Metric quality & invariants
Two pieces of the IPC-5 / SGPlan-class work: a satisfaction-guided metric optimizer for the preference (soft-goal) track, and the Helmert-style mutex-group synthesis that feeds the partition-and-resolve mode.
IPC-5 / metric quality
ferroplan handles all six IPC-5 (2006) simple-preferences soft-goal domains —
openstacks, tpp, storage, trucks, rovers, pathways — where the :metric charges
for violated preferences (and, in rovers, a numeric traverse cost) and lower is
better. Preferences are compiled away (Keyder & Geffner) and the metric is driven
by an exact-closure optimizer with budget-escalating branch-and-bound (see
PDDL3 preferences).
rovers was the last to fall in: its metric also charges a monotone numeric
quantity (sum-traverse-cost), which the optimizer used to ignore — scoring a
bogus 0. Folding monotone numeric terms into total-cost lets it optimize the
full metric (a real 935.3); see Performance.
The hard part is that delete-relaxation hides the cost of forgoing a soft goal:
the free Keyder–Geffner forgo makes every preference look reachable, so on
openstacks-soft the metric search had no gradient toward actually delivering —
it sat on the all-forgo floor (metric 70 on p01).

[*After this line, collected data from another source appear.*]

Lemma mahler_int_support_const (i : nat) : transcendental g ->
  (forall s, F s != 0 -> s \is a Num.int) -> (0 < i <= d)%N -> P i != 0 ->
  forall s, s != 0 -> F s = 0.
Proof.
move=> Tg Fint /andP [i_gt0 id] Pi s s0; apply/eqP; apply: contraT => Fs.
have /intrP [z Ez] := Fint s Fs.
have z0 : z != 0 by apply: contraNneq s0 => z0; rewrite Ez z0.
have Plead : (P i)`_(size (P i)).-1 != 0 by rewrite -lead_coefE lead_coef_eq0.
have i_neq0 : (i == 0%N) = false by rewrite eqn0Ngt i_gt0.
set k0 := (size (P i)).-1 in Plead *.
case: (mahler_term_partner id Plead Fs) =>
  [[n En] | [j [k [s' [jd jk Pjk Fs' Es]]]]].
  have E : ratr (z%:~R : rat) * g ^+ i + ratr (k0%:R : rat)
      = ratr (0 : rat) * g ^+ 0 + ratr (n%:R : rat).
    by rewrite !ratr_int !ratr_nat rmorph0 mul0r add0r -Ez.
  move: (transcendental_coef_eq Tg E); rewrite i_neq0 !addr0 => /eqP.
  by rewrite intr_eq0 (negPf z0).
have /intrP [w Ew] := Fint s' Fs'.
have E : ratr (z%:~R : rat) * g ^+ i + ratr (k0%:R : rat)
    = ratr (w%:~R : rat) * g ^+ j + ratr (k%:R : rat).
  by rewrite !ratr_int !ratr_nat -Ez -Ew Es.
move: (transcendental_coef_eq Tg E); rewrite i_neq0 !addr0.
case: eqVneq => [ij | _] /eqP; last by rewrite intr_eq0 (negPf z0).
rewrite eqr_int => /eqP zw; move: Es; rewrite -ij Ez Ew zw => /addrI /eqP.
by rewrite eqr_nat => /eqP kk0; move: jk; rewrite ij kk0 eqxx.
Qed.

Lemma mahler_order0_rational : (exists i, (i <= d)%N /\ P i != 0) ->
  (forall i, (0 < i <= d)%N -> P i = 0) -> is_rational_hahn F.
Proof.
move=> [i [id Pi]] P_pos0; exists A, (P 0%N); split.
  by case: i id Pi => [// | i] id Pi; rewrite P_pos0 ?eqxx in Pi.
move=> e; rewrite -mahlerF big_ord_recl /= big1 ?addr0.
  by apply: eq_bigr => k _; rewrite /hahn_subst expr0 divr1.
by move=> j _; rewrite /hahn_pmul P_pos0 ?size_poly0 ?big_ord0 // ltn_ord.
Qed.

End MahlerEquation.

Lemma hahn_mahler2_support_int (R : realType) (K : fieldType) (alpha beta : R)
  (F : R -> K) : 0 < alpha -> 0 < beta -> alg_indep2 alpha beta ->
  is_hahn F -> is_mahler alpha F -> is_mahler beta F ->
  forall s, F s != 0 -> s \is a Num.int.
Proof.
move=> a0 b0 indep hahnF [dA [PA [AA [nzA eqA]]]] [dB [PB [AB [nzB eqB]]]] s Fs.
apply: contraT => s_nint.
have [es [[Fes es_nint] es_min]] :=
  hahnF (fun e => F e != 0 /\ e \notin Num.int) (fun _ => @proj1 _ _)
    (ex_intro _ s (conj Fs s_nint)).
have es_least t : F t != 0 -> t \notin Num.int -> es <= t.
  by move=> Ft t_nint; apply: es_min.
have relA := mahler_least_nonint_shift a0 eqA nzA Fes es_nint es_least.
have relB := mahler_least_nonint_shift b0 eqB nzB Fes es_nint es_least.
have [r Er] := alg_indep2_Q_adjoin_rat indep
  (shift_relation_Q_adjoin relA) (shift_relation_Q_adjoin relB).
rewrite Er in relA es_nint.
have Talpha := alg_indep2_transcendental_l indep.
by rewrite (transcendental_shift_relation_int Talpha relA) in es_nint.
Qed.

Theorem mainTheorem2 (R : realType) (K : fieldExtType rat)
  (alpha beta : R) (F : R -> K) :
  0 < alpha -> 0 < beta -> alg_indep2 alpha beta ->
  is_hahn F -> is_mahler alpha F -> is_mahler beta F ->
  is_rational_hahn F.
Proof.
move=> a0 b0 indep hahnF mahA mahB.
have Fint := hahn_mahler2_support_int a0 b0 indep hahnF mahA mahB.
have [d [P [A [nzP eqA]]]] := mahA.
case: (classic (forall i, (0 < i <= d)%N -> P i = 0)) =>
  [P_pos0 | /not_all_ex_not [i /(@imply_to_and _ (P i = 0)) [i_range /eqP Pi]]].
  exact: mahler_order0_rational eqA nzP P_pos0.
have Talpha := alg_indep2_transcendental_l indep.
apply: hahn_const_rational.
exact: (mahler_int_support_const a0 eqA Talpha Fint i_range Pi).
Qed.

Two engine steps closed most
of that gap:
- Satisfaction-guided ordering (
search::SatGuidance) — a heap penalty counting the preferences forgone in the concrete state, giving the search a reason to deliver. It broke the floor (70 → 63 on openstacks p01) without ever regressing, since it only changes node ordering (branch-and-bound keeps the best plan found). - The exact-closure metric optimizer (0.4.0, now the default) — real-state
search with metric-bounded acceptance plus an exact
collect/forgophase tail, static preference simplification at compile, barrier-free full-DNF guidance, and a budget-escalating branch-and-bound. This pushed openstacks p01 further (63 → 42) and lifted whole domains (storage to full 8/8 coverage, trucks p08 133 → 10).
The last piece for openstacks was the scheduling of the shared stacks-avail
resource, invisible to the satisfaction term because it appears in no preference.
That is exactly what the opt-in ESPC penalty loop (FF_ESPC) now does: its λ
schedule drives a partitioned composition that prices stacks-avail as a global
constraint — taking openstacks ahead of SGPlan5 on p04–p08.
Standing (vs SGPlan5, the IPC-5 winner): full 48/48 coverage and a domain-level
lead on two of six (openstacks with FF_ESPC; storage on defaults), parity on the
small instances nearly everywhere else — a strong 2nd under the coverage-first
rule. The full per-instance tables, the ESPC method, and reproduction commands:
benchmarks/ipc5-scoreboard.md.
Mutex groups & SAS+
For the SGPlan-style partition mode, ferroplan synthesizes mutex-group "guidance variables" — Helmert-style monotonicity invariants that recover the SAS+ multi-valued variables of a task (the "where is X / what is held" facts that are mutually exclusive).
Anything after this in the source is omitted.